(Working data)
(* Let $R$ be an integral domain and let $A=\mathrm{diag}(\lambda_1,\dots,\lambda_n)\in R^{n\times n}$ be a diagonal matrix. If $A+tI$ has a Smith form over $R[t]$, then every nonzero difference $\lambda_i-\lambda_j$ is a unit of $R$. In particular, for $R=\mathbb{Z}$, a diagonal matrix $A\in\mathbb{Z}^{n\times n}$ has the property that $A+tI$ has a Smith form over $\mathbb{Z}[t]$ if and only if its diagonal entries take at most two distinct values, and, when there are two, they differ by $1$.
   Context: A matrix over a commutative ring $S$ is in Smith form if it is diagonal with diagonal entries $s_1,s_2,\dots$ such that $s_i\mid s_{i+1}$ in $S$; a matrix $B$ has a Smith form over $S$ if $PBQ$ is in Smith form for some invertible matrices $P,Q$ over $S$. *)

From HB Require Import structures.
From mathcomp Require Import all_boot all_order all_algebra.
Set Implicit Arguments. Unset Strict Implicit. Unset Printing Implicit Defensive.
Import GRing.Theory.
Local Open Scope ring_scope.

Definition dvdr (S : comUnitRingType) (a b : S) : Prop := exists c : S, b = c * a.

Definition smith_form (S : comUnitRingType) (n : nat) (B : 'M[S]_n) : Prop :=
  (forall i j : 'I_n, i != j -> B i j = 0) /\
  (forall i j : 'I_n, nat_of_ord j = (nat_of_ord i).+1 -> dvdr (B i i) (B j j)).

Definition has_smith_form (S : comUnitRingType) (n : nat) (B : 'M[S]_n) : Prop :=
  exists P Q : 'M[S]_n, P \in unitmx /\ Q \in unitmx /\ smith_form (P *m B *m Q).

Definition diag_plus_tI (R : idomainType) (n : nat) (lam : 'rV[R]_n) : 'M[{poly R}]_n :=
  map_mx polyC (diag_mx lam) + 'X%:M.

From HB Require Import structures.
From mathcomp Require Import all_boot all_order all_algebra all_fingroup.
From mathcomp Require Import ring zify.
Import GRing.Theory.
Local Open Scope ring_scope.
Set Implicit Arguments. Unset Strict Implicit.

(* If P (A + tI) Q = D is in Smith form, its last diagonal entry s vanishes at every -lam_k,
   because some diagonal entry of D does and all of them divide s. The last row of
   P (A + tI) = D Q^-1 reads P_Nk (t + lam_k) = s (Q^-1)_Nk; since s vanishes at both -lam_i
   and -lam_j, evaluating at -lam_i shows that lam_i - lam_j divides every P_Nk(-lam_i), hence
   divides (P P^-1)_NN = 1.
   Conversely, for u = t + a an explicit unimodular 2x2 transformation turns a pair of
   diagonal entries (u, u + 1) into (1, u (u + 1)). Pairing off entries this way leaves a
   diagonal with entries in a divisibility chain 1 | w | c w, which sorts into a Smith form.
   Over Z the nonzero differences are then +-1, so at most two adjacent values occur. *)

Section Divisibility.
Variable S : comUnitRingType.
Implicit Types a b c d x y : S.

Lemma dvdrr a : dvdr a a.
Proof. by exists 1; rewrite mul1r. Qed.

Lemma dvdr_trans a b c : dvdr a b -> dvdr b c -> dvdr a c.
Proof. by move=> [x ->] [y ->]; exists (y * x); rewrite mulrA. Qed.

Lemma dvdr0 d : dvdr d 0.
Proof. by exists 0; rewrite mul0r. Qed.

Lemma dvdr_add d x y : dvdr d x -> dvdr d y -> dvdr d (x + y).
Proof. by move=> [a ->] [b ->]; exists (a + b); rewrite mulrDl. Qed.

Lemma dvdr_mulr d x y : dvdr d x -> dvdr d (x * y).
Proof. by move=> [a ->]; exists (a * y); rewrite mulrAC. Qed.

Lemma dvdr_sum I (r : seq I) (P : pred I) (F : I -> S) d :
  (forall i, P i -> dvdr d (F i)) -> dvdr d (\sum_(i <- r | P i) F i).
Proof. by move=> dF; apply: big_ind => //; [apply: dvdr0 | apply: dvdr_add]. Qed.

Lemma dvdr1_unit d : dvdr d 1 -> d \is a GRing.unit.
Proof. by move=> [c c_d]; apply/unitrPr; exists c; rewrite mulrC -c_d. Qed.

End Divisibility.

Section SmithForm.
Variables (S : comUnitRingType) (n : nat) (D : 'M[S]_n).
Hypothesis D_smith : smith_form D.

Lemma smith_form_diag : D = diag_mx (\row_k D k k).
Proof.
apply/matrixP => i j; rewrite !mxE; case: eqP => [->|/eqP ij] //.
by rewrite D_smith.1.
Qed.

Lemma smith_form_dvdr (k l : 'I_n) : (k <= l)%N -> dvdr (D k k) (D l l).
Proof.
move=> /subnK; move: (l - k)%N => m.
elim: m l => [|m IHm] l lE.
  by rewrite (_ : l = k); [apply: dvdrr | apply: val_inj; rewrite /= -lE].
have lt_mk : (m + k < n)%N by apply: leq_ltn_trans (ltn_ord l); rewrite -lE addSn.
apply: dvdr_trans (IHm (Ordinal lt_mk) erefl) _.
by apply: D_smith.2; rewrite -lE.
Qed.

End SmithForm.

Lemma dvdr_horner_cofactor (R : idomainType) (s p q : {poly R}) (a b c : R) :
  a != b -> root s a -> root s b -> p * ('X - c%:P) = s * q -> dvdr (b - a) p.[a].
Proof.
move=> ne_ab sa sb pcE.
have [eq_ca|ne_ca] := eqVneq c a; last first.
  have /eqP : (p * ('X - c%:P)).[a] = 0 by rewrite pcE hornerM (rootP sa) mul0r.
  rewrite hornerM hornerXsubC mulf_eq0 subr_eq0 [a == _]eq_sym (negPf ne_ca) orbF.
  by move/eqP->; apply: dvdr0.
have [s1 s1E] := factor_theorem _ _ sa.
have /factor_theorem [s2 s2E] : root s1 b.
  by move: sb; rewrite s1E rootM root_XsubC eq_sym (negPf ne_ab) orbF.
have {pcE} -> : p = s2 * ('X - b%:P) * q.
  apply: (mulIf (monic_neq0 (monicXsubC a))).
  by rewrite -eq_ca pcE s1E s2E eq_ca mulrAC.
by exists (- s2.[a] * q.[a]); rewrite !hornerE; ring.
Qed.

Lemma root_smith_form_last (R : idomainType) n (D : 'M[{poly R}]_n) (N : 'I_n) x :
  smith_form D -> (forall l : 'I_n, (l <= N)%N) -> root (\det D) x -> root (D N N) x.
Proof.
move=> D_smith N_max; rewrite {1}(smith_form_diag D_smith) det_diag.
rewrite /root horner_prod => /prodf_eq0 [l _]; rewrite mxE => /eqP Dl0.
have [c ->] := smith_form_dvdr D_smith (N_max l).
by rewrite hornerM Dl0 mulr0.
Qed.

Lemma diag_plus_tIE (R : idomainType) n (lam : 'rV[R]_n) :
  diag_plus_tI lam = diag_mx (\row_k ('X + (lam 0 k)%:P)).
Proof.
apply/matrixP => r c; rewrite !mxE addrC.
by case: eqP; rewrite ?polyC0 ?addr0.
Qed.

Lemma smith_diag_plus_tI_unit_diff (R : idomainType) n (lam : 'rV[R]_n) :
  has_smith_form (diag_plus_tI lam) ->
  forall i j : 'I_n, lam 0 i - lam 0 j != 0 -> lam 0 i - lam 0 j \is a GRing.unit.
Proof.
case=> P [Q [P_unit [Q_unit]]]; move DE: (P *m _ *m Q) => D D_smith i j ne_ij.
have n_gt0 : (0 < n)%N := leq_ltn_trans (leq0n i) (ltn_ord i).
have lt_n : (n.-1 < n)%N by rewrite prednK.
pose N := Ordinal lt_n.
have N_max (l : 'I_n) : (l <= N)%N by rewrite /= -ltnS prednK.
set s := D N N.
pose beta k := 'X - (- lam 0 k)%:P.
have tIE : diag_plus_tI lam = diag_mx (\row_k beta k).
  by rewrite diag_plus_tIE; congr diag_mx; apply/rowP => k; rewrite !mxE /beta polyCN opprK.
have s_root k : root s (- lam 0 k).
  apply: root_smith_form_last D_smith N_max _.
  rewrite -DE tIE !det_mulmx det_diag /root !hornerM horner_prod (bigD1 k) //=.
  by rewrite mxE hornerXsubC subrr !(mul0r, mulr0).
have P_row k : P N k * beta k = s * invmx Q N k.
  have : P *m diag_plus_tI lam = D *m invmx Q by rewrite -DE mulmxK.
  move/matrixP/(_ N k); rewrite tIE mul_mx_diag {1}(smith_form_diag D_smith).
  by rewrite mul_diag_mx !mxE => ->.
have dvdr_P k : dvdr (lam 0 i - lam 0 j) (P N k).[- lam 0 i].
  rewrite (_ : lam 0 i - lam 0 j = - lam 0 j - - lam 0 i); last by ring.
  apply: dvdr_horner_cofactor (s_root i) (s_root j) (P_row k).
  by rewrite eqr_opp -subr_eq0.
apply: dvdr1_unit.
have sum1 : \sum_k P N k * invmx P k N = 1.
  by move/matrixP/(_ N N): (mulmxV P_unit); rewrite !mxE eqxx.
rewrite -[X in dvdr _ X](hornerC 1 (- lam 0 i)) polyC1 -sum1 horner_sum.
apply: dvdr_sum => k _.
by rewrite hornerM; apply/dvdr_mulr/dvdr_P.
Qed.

==

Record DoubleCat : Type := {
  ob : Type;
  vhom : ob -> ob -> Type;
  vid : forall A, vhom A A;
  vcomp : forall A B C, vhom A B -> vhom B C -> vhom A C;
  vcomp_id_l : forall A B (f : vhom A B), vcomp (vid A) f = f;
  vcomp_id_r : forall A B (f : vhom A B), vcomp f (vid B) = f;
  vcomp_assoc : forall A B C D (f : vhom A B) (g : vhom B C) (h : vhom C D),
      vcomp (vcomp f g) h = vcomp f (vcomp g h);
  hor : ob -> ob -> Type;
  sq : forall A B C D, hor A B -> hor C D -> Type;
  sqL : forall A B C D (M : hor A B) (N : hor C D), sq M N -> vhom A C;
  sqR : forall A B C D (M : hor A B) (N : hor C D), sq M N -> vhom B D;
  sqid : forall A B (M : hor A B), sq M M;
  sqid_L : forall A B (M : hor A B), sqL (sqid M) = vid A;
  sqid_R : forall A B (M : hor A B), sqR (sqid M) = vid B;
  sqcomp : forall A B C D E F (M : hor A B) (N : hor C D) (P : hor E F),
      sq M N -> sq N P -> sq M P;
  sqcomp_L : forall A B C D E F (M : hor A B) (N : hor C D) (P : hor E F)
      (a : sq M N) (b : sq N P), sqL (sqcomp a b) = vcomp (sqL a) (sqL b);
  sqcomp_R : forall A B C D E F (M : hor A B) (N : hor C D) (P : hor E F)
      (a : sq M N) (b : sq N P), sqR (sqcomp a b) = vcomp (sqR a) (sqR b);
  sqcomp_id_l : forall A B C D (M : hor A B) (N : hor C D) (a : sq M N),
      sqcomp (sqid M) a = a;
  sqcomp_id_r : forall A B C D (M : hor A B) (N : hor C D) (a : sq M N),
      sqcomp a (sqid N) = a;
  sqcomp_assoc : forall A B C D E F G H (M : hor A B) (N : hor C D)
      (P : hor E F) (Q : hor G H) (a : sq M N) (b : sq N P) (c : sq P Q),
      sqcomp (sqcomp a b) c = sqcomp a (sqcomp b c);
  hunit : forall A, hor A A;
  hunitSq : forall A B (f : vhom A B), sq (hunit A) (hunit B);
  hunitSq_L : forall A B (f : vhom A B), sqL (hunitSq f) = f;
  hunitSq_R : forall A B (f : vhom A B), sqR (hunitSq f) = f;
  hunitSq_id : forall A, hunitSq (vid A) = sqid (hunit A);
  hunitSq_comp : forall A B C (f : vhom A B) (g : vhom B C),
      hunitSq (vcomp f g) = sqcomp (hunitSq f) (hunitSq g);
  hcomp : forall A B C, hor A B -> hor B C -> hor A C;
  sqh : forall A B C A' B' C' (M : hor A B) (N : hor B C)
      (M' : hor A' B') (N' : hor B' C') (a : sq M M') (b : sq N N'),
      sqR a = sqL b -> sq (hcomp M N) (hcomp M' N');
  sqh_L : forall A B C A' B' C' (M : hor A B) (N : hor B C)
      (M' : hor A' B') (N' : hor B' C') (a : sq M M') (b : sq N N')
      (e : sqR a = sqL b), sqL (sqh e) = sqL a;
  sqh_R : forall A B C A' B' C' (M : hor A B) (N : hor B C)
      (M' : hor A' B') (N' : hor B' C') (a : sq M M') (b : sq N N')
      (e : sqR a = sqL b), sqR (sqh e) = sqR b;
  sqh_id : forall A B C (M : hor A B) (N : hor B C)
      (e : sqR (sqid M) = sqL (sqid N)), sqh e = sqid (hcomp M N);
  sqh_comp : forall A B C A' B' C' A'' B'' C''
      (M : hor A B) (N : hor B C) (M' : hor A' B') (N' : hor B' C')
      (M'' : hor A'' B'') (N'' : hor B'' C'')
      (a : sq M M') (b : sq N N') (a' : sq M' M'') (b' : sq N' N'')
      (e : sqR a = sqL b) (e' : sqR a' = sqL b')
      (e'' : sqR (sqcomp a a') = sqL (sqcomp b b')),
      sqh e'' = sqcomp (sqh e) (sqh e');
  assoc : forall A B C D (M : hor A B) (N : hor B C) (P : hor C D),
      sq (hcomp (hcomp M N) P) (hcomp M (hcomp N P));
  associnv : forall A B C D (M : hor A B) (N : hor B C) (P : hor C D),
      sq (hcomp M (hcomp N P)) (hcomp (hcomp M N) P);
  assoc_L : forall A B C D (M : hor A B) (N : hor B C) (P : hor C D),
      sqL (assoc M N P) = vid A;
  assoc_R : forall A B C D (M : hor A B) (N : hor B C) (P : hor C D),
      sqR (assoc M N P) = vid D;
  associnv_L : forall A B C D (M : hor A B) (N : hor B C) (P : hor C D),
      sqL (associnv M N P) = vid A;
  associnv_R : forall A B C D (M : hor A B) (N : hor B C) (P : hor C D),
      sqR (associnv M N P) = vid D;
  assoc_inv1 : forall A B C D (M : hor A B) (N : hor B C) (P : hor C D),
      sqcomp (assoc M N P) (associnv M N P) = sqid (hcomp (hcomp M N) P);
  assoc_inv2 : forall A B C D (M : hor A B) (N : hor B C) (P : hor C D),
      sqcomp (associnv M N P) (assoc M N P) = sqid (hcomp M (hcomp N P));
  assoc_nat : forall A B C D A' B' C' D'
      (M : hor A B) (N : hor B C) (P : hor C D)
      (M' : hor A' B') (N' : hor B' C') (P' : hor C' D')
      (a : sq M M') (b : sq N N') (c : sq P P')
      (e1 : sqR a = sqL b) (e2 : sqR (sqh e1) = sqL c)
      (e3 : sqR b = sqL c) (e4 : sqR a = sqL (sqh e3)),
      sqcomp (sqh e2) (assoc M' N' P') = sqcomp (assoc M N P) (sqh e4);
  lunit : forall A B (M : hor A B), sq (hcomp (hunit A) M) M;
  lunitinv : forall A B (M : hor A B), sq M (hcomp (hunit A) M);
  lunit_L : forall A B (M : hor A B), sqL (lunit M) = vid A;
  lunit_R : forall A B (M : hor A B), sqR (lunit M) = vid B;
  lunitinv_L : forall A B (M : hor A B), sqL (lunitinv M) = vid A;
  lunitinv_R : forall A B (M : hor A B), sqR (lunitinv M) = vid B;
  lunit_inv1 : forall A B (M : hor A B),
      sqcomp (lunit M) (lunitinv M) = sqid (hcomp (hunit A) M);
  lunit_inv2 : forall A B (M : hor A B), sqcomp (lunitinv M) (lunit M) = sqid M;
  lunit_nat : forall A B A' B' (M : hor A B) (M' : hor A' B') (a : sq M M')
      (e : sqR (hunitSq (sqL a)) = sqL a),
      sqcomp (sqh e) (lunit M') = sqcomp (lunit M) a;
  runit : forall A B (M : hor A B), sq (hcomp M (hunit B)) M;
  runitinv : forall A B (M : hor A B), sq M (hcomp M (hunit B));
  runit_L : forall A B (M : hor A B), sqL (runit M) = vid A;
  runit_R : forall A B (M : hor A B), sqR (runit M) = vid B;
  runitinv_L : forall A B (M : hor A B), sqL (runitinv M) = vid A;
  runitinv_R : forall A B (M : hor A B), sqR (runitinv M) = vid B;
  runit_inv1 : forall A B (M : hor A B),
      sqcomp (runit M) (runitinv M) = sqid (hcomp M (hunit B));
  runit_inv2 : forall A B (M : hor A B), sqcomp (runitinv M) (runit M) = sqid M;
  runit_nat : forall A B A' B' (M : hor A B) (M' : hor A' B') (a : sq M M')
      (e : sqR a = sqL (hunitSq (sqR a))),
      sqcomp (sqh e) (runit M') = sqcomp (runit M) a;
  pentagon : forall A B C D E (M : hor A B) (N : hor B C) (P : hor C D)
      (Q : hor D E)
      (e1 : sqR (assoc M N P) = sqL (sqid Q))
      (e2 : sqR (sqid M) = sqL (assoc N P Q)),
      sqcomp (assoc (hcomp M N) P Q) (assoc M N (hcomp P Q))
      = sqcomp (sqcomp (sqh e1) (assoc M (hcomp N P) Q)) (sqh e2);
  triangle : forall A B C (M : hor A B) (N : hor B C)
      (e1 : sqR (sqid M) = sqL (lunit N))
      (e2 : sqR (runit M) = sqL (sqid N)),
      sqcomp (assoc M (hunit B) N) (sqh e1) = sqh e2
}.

--

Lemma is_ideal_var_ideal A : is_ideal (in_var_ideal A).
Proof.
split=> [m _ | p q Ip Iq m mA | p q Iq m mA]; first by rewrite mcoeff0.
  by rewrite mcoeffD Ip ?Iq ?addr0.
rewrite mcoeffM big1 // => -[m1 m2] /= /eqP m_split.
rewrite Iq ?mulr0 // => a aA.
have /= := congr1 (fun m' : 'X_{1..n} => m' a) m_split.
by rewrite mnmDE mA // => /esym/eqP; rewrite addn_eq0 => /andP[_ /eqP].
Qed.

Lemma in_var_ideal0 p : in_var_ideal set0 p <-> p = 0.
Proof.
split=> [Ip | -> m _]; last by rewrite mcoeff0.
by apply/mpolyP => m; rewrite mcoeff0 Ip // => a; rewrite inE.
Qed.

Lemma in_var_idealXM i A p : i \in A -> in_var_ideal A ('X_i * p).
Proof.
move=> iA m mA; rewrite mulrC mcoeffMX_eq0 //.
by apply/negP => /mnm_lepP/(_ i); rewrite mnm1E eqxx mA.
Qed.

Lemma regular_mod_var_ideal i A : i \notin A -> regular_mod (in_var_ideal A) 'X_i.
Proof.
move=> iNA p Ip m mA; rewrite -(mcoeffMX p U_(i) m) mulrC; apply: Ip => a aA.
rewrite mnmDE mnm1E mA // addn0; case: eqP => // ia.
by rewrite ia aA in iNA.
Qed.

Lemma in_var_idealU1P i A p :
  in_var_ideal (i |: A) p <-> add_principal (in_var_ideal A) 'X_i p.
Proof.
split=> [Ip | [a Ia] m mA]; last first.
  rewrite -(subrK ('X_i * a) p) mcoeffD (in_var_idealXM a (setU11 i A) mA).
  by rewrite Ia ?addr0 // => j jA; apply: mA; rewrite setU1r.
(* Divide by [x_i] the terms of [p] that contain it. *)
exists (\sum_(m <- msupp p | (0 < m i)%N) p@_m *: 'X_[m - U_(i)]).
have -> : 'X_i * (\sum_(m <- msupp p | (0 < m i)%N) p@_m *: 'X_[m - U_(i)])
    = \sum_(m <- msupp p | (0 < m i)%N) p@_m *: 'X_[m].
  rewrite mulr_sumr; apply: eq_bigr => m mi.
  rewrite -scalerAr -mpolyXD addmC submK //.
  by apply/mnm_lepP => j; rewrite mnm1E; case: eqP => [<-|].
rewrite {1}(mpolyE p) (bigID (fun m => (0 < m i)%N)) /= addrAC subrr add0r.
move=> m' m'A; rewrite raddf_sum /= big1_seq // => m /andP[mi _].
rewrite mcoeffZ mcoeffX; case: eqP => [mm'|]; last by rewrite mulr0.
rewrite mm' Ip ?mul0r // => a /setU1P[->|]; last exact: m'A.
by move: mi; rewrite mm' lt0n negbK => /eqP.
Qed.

(Description of the task)
Print again the lines of the entries above that fall between the line holding "sqcomp_L : forall" and the line holding "hunitSq_R : forall", inclusive, exactly as they stand.

(Completed task)
  sqcomp_L : forall A B C D E F (M : hor A B) (N : hor C D) (P : hor E F)
      (a : sq M N) (b : sq N P), sqL (sqcomp a b) = vcomp (sqL a) (sqL b);
  sqcomp_R : forall A B C D E F (M : hor A B) (N : hor C D) (P : hor E F)
      (a : sq M N) (b : sq N P), sqR (sqcomp a b) = vcomp (sqR a) (sqR b);
  sqcomp_id_l : forall A B C D (M : hor A B) (N : hor C D) (a : sq M N),
      sqcomp (sqid M) a = a;
  sqcomp_id_r : forall A B C D (M : hor A B) (N : hor C D) (a : sq M N),
      sqcomp a (sqid N) = a;
  sqcomp_assoc : forall A B C D E F G H (M : hor A B) (N : hor C D)
      (P : hor E F) (Q : hor G H) (a : sq M N) (b : sq N P) (c : sq P Q),
      sqcomp (sqcomp a b) c = sqcomp a (sqcomp b c);
  hunit : forall A, hor A A;
  hunitSq : forall A B (f : vhom A B), sq (hunit A) (hunit B);
  hunitSq_L : forall A B (f : vhom A B), sqL (hunitSq f) = f;
  hunitSq_R : forall A B (f : vhom A B), sqR (hunitSq f) = f;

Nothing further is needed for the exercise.